# Latest 24 episode (1/27/2004)



## Dark Jezter (Jan 28, 2004)

Well, it looks like Hector Salizar got killed, and Sherry has dirt on the President's ex-buddy.

Also, can you believe Chloe leaving her baby in Kim's care?  The kid would be safer being left unattented at a demolition site. 

Discuss.


----------



## enworldatemylogin (Jan 28, 2004)

At least Kim is now in a believeable position.  Babysitting.  Hah.

I figured Hector would be killed by his brother.


----------



## Dark Jezter (Jan 28, 2004)

enworldatemylogin said:
			
		

> At least Kim is now in a believeable position.  Babysitting.  Hah.




Remember what happened last time Kim had a babysitting job?

I wonder if we'll find out that Chloe has a psychotic abusive husband, and then he'll show up at CTU and try to kill Kim.


----------



## Silver Moon (Jan 28, 2004)

enworldatemylogin said:
			
		

> I figured Hector would be killed by his brother.



So did I, but I was actually hoping that Palmer would be killed by his brother first to liven up that storyline some.  

Hector became expendable to the storyline once Claudia died.   

The part that I found unbelievable yesterday was the assault team leader allowing an obviously wounded Chase to be their spotter.   I didn't buy his "This is survelience not combat" one bit.   This situation could very easily become combat, and the commander in the field should have known that and made sure whoever was the spotter was 100% healthy.   I also find it hard to believe that the members of that team didn't already have specific roles assigned to them.


----------



## Psychotic Dreamer (Jan 28, 2004)

I think a better way to handle the last scene would not to have shown who got shot.  I think focusing on Jack's face, hearing the gunshot and showing his eyes go wide.  Leave us guessing a little.


----------



## Arnwyn (Jan 28, 2004)

> The part that I found unbelievable yesterday...



That's _all_ you found unbelievable?
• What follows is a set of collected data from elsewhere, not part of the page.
(* Let $A=(a_{ij})$, $B=(b_{ij})$ be real $2\times2$ payoff tables and let $\mathcal C=\mathbb V(f)\subset\mathbb P^2_{\mathbb C}$ be the Spohn cubic. Then $\mathcal C$ is reducible (equivalently, $f$ is a nonzero polynomial that factors nontrivially over $\mathbb C$) if and only if $f\neq0$ and at least one of the following holds: (1) $a_{11}=a_{12}$; (2) $a_{11}=a_{21}$; (3) $a_{21}=a_{22}$; (4) $b_{11}=b_{12}$; (5) $b_{11}=b_{21}$; (6) $b_{12}=b_{22}$; (7) $a_{12}=a_{22}$ and $b_{21}=b_{22}$; (8) $a_{12}=a_{21}$ and $b_{12}=b_{21}$; (9) $0=a_{12}(b_{12}-b_{22})+a_{21}(b_{22}-b_{21})+a_{22}(b_{21}-b_{12})=a_{11}(b_{22}-b_{12})+a_{21}(b_{11}-b_{22})+a_{22}(b_{12}-b_{11})=a_{11}(b_{22}-b_{21})+a_{12}(b_{11}-b_{22})+a_{22}(b_{21}-b_{11})$; (10) $0=a_{11}(b_{12}-b_{21})+a_{12}(b_{21}-b_{22})+a_{21}(b_{22}-b_{12})=a_{12}(b_{11}-b_{21})+a_{21}(b_{12}-b_{11})+a_{22}(b_{21}-b_{12})=a_{11}(b_{11}-b_{21})+a_{21}(b_{22}-b_{11})+a_{22}(b_{21}-b_{22})$; (11) $0=a_{12}(b_{22}-b_{21})+a_{21}(b_{12}-b_{22})+a_{22}(b_{21}-b_{12})=a_{11}(b_{22}-b_{21})+a_{21}(b_{11}-b_{22})+a_{22}(b_{21}-b_{11})=a_{11}(b_{22}-b_{12})+a_{12}(b_{11}-b_{22})+a_{22}(b_{12}-b_{11})$; (12) $0=a_{11}(b_{12}-b_{21})+a_{12}(b_{22}-b_{12})+a_{21}(b_{21}-b_{22})=a_{12}(b_{11}-b_{12})+a_{21}(b_{21}-b_{11})+a_{22}(b_{12}-b_{21})=a_{11}(b_{11}-b_{21})+a_{12}(b_{22}-b_{12})+a_{21}(b_{21}-b_{11})+a_{22}(b_{12}-b_{22})$.
   Context: The Spohn cubic of the game is the plane curve $\mathcal C=\mathbb V(f)\subset\mathbb P^2_{\mathbb C}$ with coordinates $[x:y:z]$ (obtained from the Spohn variety by eliminating $p_{22}$ and renaming $x=p_{11},y=p_{12},z=p_{21}$), where $f=c_1x^2y+c_2x^2z+c_3xy^2+c_4xz^2+c_5y^2z+c_6yz^2+c_7xyz$ with $c_1=(a_{11}-a_{22})(b_{11}-b_{12})$, $c_2=(a_{11}-a_{21})(b_{22}-b_{11})$, $c_3=(a_{12}-a_{22})(b_{11}-b_{12})$, $c_4=(a_{11}-a_{21})(b_{22}-b_{21})$, $c_5=(a_{12}-a_{22})(b_{21}-b_{12})$, $c_6=(a_{12}-a_{21})(b_{22}-b_{21})$, $c_7=(a_{12}-a_{21})(b_{22}-b_{11})+(a_{11}-a_{22})(b_{21}-b_{12})$. *)

From HB Require Import structures.
From mathcomp Require Import all_boot all_order all_algebra.
From mathcomp Require Import reals.
From mathcomp Require Import complex.
From mathcomp Require Import mpoly.

Set Implicit Arguments.
Unset Strict Implicit.
Unset Printing Implicit Defensive.

Import Order.TTheory GRing.Theory Num.Theory.
Local Open Scope ring_scope.

Definition spohn_c1 (R : realType) (a11 a12 a21 a22 b11 b12 b21 b22 : R) : R :=
  (a11 - a22) * (b11 - b12).
Definition spohn_c2 (R : realType) (a11 a12 a21 a22 b11 b12 b21 b22 : R) : R :=
  (a11 - a21) * (b22 - b11).
Definition spohn_c3 (R : realType) (a11 a12 a21 a22 b11 b12 b21 b22 : R) : R :=
  (a12 - a22) * (b11 - b12).
Definition spohn_c4 (R : realType) (a11 a12 a21 a22 b11 b12 b21 b22 : R) : R :=
  (a11 - a21) * (b22 - b21).
Definition spohn_c5 (R : realType) (a11 a12 a21 a22 b11 b12 b21 b22 : R) : R :=
  (a12 - a22) * (b21 - b12).
Definition spohn_c6 (R : realType) (a11 a12 a21 a22 b11 b12 b21 b22 : R) : R :=
  (a12 - a21) * (b22 - b21).
Definition spohn_c7 (R : realType) (a11 a12 a21 a22 b11 b12 b21 b22 : R) : R :=
  (a12 - a21) * (b22 - b11) + (a11 - a22) * (b21 - b12).

Definition spohn_cubic (R : realType) (a11 a12 a21 a22 b11 b12 b21 b22 : R)
    : {mpoly R[i][3]} :=
  let x : {mpoly R[i][3]} := 'X_(inord 0) in
  let y : {mpoly R[i][3]} := 'X_(inord 1) in
  let z : {mpoly R[i][3]} := 'X_(inord 2) in
  let C (c : R) : {mpoly R[i][3]} := ((c%:C)%C)%:MP in
  C (spohn_c1 a11 a12 a21 a22 b11 b12 b21 b22) * x ^+ 2 * y
  + C (spohn_c2 a11 a12 a21 a22 b11 b12 b21 b22) * x ^+ 2 * z
  + C (spohn_c3 a11 a12 a21 a22 b11 b12 b21 b22) * x * y ^+ 2
  + C (spohn_c4 a11 a12 a21 a22 b11 b12 b21 b22) * x * z ^+ 2
  + C (spohn_c5 a11 a12 a21 a22 b11 b12 b21 b22) * y ^+ 2 * z
  + C (spohn_c6 a11 a12 a21 a22 b11 b12 b21 b22) * y * z ^+ 2
  + C (spohn_c7 a11 a12 a21 a22 b11 b12 b21 b22) * x * y * z.

(* A multivariate polynomial is reducible when it is nonzero and is a product
   of two non-constant polynomials (msize p = 1 + total degree, so
   msize p > 1 means p is non-constant). *)
Definition mpoly_reducible (F : fieldType) (n : nat) (p : {mpoly F[n]}) : Prop :=
  p != 0 /\ exists g h : {mpoly F[n]}, [/\ (1 < msize g)%N, (1 < msize h)%N & p = g * h].

From HB Require Import structures.
From mathcomp Require Import all_boot all_order all_algebra.
From mathcomp Require Import reals.
From mathcomp Require Import complex.
From mathcomp Require Import mpoly.
From mathcomp Require Import ring zify.
Import Order.TTheory GRing.Theory Num.Theory.
Local Open Scope ring_scope.
Set Implicit Arguments.
Unset Strict Implicit.
Unset Printing Implicit Defensive.

(* In the coordinates p = a11 - a21, q = a12 - a22, r = a21 - a22,
   u = b11 - b12, w = b22 - b21, s = b21 - b12 the Spohn cubic is the form
   [spohn_form p q r u w s], and conditions (1)-(12) become [spohn_conds].
   A factorization of a cubic form contains a linear factor, so a reducible
   Spohn cubic vanishes on a plane through the origin (a linear factor with a
   constant term is reduced to this case by homogeneity). Parametrizing the
   plane as z = 0, y = t z or x = -(b y + g z) and asking all coefficients of
   the restricted form to vanish leads, after a case analysis, to one of the
   conditions. Conversely every condition comes with an explicit
   factorization into a linear and a quadratic form. *)

Lemma lincomb1_eq0 (K : comNzRingType) (T a A : K) : A = 0 -> T = a * A -> T = 0.
Proof. by move=> -> ->; rewrite mulr0. Qed.

Lemma lincomb2_eq0 (K : comNzRingType) (T a b A B : K) :
  A = 0 -> B = 0 -> T = a * A + b * B -> T = 0.
Proof. by move=> -> -> ->; rewrite !mulr0 addr0. Qed.

Lemma lincomb3_eq0 (K : comNzRingType) (T a b c A B C : K) :
  A = 0 -> B = 0 -> C = 0 -> T = a * A + b * B + c * C -> T = 0.
Proof. by move=> -> -> -> ->; rewrite !mulr0 !addr0. Qed.

Lemma mulf_eq0_or (K : idomainType) (a b : K) : a * b = 0 -> a = 0 \/ b = 0.
Proof. by move/eqP; rewrite mulf_eq0 => /orP [/eqP|/eqP]; [left|right]. Qed.

Lemma eq0_of_mulf_l (K : idomainType) (a b : K) : a != 0 -> a * b = 0 -> b = 0.
Proof. by move=> a0 /mulf_eq0_or [/eqP|//]; rewrite (negbTE a0). Qed.

Lemma eq0_of_mulf_r (K : idomainType) (a b : K) : b != 0 -> a * b = 0 -> a = 0.
Proof. by move=> b0 /mulf_eq0_or [//|/eqP]; rewrite (negbTE b0). Qed.

Lemma eq_of_mulf_div (K : fieldType) (x D N M : K) :
  D != 0 -> x * D = N -> N / D = M -> x = M.
Proof. by move=> D0 <- <-; rewrite mulfK. Qed.

Lemma eq_of_sub_eq (K : pzRingType) (c x y u v : K) :
  x = y -> u - v = c * (x - y) -> u = v.
Proof. by move=> -> e; apply/subr0_eq; rewrite e subrr mulr0. Qed.

Definition tern_cubic_fun (K : comNzRingType) (d1 d2 d3 d4 d5 d6 d7 x y z : K) : K :=
  d1 * x ^+ 2 * y + d2 * x ^+ 2 * z + d3 * x * y ^+ 2 + d4 * x * z ^+ 2
  + d5 * y ^+ 2 * z + d6 * y * z ^+ 2 + d7 * x * y * z.

Definition spohn_form (K : comNzRingType) (p q r u w s : K) : K -> K -> K -> K :=
  tern_cubic_fun ((p + r) * u) (p * (w + s - u)) (q * u) (p * w) (q * s)
    ((q - r) * w) ((q - r) * (w + s - u) + (p + r) * s).

(* The k-th alternative is condition (k) of the theorem in the coordinates of
   [spohn_form]. Those of (9)-(12) are the 2x2 minors (or sums of them)
   expressing that (p, q, r) is linearly dependent with (-u, w, w + s),
   (-w, u, u - s), (s - u, w + s, w) and (-(w + s), u - s, u) respectively. *)
Definition spohn_conds (K : comNzRingType) (p q r u w s : K) : Prop :=
  p + r - q = 0 \/ p = 0 \/ r = 0 \/ u = 0 \/ s - u = 0 \/ w + s = 0 \/
  (q = 0 /\ w = 0) \/ (q - r = 0 /\ s = 0) \/
  (- (q * w) - q * s + r * w = 0 /\ p * w + p * s + r * u = 0 /\
   p * w + q * u - q * w - q * s + r * w = 0) \/
  (- (p * s) - q * w + r * w = 0 /\ q * u - q * s - r * u = 0 /\
   p * u - p * s + r * w = 0) \/
  (q * w - r * w - r * s = 0 /\ p * w + r * u - r * s = 0 /\
   p * w + p * s + q * u - q * w - q * s + r * w + r * s = 0) \/
  (- (p * s) + q * w + q * s - r * w - r * s = 0 /\ q * u - r * u + r * s = 0 /\
   p * u - p * s + q * w + q * s = 0).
The whole bloody show fits into the category of "unbelievable"!

(I still love watching it, though - but _24_ requires a *huge* suspension of disbelief. Why look, there seems to be something "big" happening on the hour, every hour! What a coincidence!)


----------



## LightPhoenix (Jan 28, 2004)

What I liked:

Hector getting _shot_.  Bullet to the chest, but it's on the wrong side to have been a shot to the heart or something instantly fatal.  Hector had it coming though, and I liked this because...

The interplay between Jack, Ramon, and Nina.  This was just great!  I very much get the impression that the three of them are just trying to make it out of this alive at this point, and watching them all together is great.

Kim wanting to kill Nina.  Finally, something (semi-) believable and actually character building for Kim!  I'd love it if Kim got to kill Nina in the end... it would just be so much better than Jack killing her (if she dies).

Chappelle telling Kim to take care of the baby.  Because that's what he sees her as - a nanny, and not someone who should be at CTU.


What I didn't like:

Chase's commando/butch crap.  There _is_ a chain of command, and I got the impression he's not at the top, just riding off the frills of being Jack's partner and having a lot of sway at CTU.  Sorry kid, but they're not gonna blow this entire operation because you want to play hero.  And then they all cave.  

Chloe, Kim, and the baby.  This deserves a giant WTF.  On the one hand, it explains why Chloe has been so bitchy.  On the other, you're telling me there's not some day care that CTU could pay for or something?  And of course, Kim has to take care of it, and can't.  Sorry, but I don't care if Chloe is the best mother in the world, she would _not_ have been able to keep that kid quiet and work at peak efficiency.  She should have been noticed straight off.

Jack kissing Nina.  Why didn't he just head butt her in the first place?  It was just creepy in the beginning of the episode.

And finally, _why oh why_ didn't the helicopter turn off it's search light?  You can see those for miles - Ramon most certainly must have.  Use night-vision, not like you don't have it.  You even knew where he was gonna be.  Argh.


----------



## CarlZog (Jan 28, 2004)

arnwyn said:
			
		

> That's _all_ you found unbelievable? The whole bloody show fits into the category of "unbelievable"!



It is unbelievable. So much so that I find it just annoying.

I was glued to the first season of this show, but I thought the ending was ridiculous. (After all that happened, the wife gets shot in the last minutes for discovering Nina!)

My girlfriend has gotten sucked into watching the DVDs of the second season, but I've lost interest. The characters are stiff and one-dimensional. Their actions defy any kind of logic. All their decisions transparently extend their exposure to danger and further complicate the storyline. I'm all for the suspension of disbelief, but this is just stupid. No offense to its fans.


----------